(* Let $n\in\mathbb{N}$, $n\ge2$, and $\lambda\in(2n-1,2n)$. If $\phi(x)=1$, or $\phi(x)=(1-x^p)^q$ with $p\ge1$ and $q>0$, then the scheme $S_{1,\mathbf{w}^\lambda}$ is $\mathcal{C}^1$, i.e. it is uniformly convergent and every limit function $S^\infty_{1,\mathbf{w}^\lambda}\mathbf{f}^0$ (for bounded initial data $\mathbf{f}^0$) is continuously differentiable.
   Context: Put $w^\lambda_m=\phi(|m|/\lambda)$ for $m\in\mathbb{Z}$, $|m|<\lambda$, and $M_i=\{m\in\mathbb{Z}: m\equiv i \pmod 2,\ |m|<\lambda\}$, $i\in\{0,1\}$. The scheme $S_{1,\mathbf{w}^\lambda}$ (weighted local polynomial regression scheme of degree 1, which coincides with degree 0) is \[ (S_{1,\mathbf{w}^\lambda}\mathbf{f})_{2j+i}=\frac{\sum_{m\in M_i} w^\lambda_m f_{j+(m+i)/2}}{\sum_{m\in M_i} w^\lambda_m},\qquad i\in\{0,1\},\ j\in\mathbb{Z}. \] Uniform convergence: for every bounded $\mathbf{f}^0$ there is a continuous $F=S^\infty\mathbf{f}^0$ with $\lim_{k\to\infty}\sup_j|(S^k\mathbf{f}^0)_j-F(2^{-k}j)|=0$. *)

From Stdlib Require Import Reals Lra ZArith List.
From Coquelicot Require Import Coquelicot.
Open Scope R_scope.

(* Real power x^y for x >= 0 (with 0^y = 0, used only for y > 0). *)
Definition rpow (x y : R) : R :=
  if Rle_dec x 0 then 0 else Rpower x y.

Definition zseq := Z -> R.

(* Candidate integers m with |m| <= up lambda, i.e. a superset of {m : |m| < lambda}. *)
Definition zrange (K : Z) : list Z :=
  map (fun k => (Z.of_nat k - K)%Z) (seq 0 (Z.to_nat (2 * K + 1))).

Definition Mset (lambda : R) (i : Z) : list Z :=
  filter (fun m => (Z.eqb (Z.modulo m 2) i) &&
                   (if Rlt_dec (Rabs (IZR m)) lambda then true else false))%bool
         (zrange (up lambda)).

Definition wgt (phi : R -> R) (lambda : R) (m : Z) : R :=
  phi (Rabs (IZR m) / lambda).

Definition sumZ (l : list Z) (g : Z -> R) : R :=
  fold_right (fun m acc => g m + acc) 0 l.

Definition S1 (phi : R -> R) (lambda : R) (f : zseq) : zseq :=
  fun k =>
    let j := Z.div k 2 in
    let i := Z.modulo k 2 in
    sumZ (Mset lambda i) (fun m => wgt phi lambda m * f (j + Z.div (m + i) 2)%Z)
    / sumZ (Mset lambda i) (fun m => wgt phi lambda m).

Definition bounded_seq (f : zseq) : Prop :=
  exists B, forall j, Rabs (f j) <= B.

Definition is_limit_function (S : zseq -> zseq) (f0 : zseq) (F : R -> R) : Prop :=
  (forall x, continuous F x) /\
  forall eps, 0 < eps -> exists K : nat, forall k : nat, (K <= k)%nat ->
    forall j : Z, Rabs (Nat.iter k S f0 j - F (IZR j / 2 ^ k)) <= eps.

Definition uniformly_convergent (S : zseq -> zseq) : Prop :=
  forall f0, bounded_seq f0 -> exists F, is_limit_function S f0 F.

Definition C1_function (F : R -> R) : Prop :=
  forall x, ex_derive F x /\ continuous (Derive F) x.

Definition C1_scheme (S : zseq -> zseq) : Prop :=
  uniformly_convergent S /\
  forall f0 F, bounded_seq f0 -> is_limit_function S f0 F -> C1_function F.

==*==

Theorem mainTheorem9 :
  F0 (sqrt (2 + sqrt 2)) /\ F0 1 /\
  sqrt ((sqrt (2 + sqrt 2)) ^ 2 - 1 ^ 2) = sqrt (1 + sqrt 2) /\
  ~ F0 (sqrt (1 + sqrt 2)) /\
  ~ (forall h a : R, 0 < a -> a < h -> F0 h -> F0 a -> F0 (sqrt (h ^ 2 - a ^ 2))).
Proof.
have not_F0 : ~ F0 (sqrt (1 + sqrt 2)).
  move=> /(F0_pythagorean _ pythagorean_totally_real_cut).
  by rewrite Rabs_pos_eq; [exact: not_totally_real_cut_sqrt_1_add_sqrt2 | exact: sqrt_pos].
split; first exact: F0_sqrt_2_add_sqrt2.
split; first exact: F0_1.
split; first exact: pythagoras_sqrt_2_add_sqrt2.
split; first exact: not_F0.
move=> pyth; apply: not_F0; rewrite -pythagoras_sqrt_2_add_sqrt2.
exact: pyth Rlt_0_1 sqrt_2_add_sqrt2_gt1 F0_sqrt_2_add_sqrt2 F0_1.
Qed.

==*==

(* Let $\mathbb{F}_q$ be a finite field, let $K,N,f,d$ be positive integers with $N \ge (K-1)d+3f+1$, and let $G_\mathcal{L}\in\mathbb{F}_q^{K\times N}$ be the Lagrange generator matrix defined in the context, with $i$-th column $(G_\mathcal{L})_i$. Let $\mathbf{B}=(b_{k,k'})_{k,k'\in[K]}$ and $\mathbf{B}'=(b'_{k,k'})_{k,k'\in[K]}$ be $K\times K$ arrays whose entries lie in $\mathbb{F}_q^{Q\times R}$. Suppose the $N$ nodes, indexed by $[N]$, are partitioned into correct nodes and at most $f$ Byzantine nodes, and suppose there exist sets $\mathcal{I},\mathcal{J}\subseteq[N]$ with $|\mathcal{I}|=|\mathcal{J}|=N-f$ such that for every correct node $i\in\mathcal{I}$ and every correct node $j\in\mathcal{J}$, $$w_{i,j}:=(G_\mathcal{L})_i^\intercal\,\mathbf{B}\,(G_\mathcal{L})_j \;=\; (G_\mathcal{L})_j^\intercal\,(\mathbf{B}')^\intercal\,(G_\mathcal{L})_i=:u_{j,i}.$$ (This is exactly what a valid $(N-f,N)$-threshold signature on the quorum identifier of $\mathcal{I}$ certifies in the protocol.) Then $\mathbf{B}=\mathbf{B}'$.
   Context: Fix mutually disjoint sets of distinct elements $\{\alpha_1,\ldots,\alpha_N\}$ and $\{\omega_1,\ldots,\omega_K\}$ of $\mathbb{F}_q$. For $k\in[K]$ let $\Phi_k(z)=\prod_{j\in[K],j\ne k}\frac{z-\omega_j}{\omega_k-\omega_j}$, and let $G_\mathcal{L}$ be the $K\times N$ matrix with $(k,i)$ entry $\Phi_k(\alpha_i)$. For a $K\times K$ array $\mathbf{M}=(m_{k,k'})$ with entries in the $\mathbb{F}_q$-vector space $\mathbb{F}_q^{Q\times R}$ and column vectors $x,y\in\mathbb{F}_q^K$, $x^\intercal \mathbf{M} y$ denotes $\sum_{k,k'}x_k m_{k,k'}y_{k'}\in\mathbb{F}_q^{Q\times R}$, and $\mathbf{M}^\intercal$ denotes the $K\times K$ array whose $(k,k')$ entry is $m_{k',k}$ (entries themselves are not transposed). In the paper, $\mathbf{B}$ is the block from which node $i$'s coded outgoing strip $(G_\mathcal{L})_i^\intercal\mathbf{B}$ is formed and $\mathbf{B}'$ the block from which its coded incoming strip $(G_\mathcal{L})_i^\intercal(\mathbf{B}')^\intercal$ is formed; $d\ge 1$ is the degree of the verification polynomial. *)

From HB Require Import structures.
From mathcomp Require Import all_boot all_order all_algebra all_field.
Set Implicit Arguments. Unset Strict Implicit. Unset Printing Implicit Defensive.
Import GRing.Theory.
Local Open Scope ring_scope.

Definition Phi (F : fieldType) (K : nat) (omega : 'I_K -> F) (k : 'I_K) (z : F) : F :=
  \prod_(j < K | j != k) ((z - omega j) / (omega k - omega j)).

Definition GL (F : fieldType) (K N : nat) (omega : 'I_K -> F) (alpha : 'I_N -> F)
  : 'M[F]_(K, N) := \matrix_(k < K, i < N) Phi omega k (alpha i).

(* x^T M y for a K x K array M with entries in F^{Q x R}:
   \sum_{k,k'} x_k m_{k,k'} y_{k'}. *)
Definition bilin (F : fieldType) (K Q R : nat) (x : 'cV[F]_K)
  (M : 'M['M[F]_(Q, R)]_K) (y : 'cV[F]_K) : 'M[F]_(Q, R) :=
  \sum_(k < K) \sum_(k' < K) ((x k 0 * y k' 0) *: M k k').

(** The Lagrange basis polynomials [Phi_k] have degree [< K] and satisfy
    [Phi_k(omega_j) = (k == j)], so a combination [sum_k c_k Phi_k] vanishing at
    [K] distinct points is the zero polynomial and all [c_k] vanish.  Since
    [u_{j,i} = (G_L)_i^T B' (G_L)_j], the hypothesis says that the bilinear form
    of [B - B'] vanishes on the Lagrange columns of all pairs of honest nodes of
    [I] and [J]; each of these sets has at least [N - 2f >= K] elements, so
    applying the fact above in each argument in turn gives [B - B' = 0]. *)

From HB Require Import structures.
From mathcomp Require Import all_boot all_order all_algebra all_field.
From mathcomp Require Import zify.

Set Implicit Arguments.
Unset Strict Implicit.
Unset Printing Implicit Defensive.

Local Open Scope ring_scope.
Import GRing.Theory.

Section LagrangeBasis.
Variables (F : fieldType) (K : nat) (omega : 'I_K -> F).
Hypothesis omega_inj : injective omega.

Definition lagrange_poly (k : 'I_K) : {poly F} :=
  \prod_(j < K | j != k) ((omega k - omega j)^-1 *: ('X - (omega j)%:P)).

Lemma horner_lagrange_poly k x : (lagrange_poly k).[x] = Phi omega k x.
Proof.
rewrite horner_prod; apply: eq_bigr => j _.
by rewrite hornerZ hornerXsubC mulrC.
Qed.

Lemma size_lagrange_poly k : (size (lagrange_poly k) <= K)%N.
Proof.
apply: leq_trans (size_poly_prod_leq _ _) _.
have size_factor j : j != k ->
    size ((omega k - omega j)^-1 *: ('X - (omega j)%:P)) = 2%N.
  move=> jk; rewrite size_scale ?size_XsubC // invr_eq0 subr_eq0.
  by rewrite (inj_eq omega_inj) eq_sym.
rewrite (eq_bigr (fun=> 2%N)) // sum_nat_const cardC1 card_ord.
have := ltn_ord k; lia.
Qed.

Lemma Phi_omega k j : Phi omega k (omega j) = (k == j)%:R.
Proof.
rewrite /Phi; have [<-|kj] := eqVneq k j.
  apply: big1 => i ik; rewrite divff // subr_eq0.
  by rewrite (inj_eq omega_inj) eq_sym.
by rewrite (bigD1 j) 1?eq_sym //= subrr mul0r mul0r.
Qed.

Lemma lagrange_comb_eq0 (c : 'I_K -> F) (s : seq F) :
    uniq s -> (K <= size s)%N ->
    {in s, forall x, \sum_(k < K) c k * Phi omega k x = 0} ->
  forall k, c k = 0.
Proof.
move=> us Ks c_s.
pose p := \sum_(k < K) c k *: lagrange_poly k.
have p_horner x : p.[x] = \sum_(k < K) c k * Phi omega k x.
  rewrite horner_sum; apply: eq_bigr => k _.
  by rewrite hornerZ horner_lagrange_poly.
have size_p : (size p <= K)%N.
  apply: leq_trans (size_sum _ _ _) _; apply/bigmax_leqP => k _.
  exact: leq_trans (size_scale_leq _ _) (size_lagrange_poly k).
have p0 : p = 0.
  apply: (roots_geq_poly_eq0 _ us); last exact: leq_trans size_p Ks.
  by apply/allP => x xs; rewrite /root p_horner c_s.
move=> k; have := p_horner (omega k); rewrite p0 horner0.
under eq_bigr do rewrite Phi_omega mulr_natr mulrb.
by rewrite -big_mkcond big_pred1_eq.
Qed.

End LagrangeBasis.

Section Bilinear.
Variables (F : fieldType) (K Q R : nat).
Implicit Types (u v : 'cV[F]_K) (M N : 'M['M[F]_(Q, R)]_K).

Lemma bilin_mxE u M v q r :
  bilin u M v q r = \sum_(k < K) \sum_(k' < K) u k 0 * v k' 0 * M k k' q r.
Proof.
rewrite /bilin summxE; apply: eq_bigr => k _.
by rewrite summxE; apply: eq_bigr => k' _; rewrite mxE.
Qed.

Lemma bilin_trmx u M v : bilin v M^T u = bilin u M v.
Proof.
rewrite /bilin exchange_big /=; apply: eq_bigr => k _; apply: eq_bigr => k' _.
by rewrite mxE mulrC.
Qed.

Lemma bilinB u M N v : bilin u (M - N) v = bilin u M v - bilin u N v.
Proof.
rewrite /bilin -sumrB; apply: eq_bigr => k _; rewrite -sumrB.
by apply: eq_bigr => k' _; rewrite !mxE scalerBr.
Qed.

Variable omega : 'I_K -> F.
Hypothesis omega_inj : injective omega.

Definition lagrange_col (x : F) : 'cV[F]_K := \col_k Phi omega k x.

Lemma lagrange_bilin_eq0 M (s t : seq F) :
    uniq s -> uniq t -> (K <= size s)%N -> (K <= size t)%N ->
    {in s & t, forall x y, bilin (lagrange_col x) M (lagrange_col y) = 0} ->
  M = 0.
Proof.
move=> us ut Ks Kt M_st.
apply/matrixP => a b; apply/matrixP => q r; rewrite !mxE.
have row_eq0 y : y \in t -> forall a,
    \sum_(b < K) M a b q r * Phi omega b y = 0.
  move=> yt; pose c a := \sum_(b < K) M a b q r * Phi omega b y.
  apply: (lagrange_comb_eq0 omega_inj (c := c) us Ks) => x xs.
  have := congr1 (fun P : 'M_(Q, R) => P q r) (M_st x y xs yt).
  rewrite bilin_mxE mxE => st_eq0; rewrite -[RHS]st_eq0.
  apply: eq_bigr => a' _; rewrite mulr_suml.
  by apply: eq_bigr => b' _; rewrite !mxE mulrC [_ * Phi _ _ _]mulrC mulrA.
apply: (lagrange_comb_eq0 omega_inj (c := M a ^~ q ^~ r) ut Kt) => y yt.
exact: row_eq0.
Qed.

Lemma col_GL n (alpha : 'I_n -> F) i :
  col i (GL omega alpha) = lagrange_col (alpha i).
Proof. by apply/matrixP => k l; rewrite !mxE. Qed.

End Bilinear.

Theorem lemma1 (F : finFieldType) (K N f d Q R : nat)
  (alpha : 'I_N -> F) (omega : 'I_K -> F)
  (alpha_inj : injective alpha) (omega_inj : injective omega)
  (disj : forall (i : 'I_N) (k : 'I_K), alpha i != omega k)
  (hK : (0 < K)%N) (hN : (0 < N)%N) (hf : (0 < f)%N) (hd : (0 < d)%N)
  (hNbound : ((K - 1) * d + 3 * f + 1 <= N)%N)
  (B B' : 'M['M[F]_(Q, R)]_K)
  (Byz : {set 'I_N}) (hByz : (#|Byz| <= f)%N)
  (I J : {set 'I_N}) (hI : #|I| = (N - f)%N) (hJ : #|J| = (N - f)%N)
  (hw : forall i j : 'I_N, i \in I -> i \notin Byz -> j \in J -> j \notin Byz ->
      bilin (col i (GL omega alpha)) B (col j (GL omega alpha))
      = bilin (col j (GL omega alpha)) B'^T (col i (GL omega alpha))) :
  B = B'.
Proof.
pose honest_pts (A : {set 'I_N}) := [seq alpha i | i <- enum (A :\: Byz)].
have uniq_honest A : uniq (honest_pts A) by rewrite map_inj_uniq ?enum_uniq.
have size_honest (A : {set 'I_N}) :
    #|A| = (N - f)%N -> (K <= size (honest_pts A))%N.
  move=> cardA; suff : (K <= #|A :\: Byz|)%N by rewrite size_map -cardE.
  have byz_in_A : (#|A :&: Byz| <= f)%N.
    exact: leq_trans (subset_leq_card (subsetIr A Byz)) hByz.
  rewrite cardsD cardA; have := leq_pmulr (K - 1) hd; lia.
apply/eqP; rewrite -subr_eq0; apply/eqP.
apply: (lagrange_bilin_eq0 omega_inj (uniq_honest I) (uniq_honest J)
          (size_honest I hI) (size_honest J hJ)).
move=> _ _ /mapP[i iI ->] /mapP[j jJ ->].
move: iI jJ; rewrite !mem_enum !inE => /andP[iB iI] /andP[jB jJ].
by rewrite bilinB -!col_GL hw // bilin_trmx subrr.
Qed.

==*==

Which of the lines in the material carry the string "sumZ"? Pull them out.

# [Exercise answer]
Definition sumZ (l : list Z) (g : Z -> R) : R :=
    sumZ (Mset lambda i) (fun m => wgt phi lambda m * f (j + Z.div (m + i) 2)%Z)
    / sumZ (Mset lambda i) (fun m => wgt phi lambda m).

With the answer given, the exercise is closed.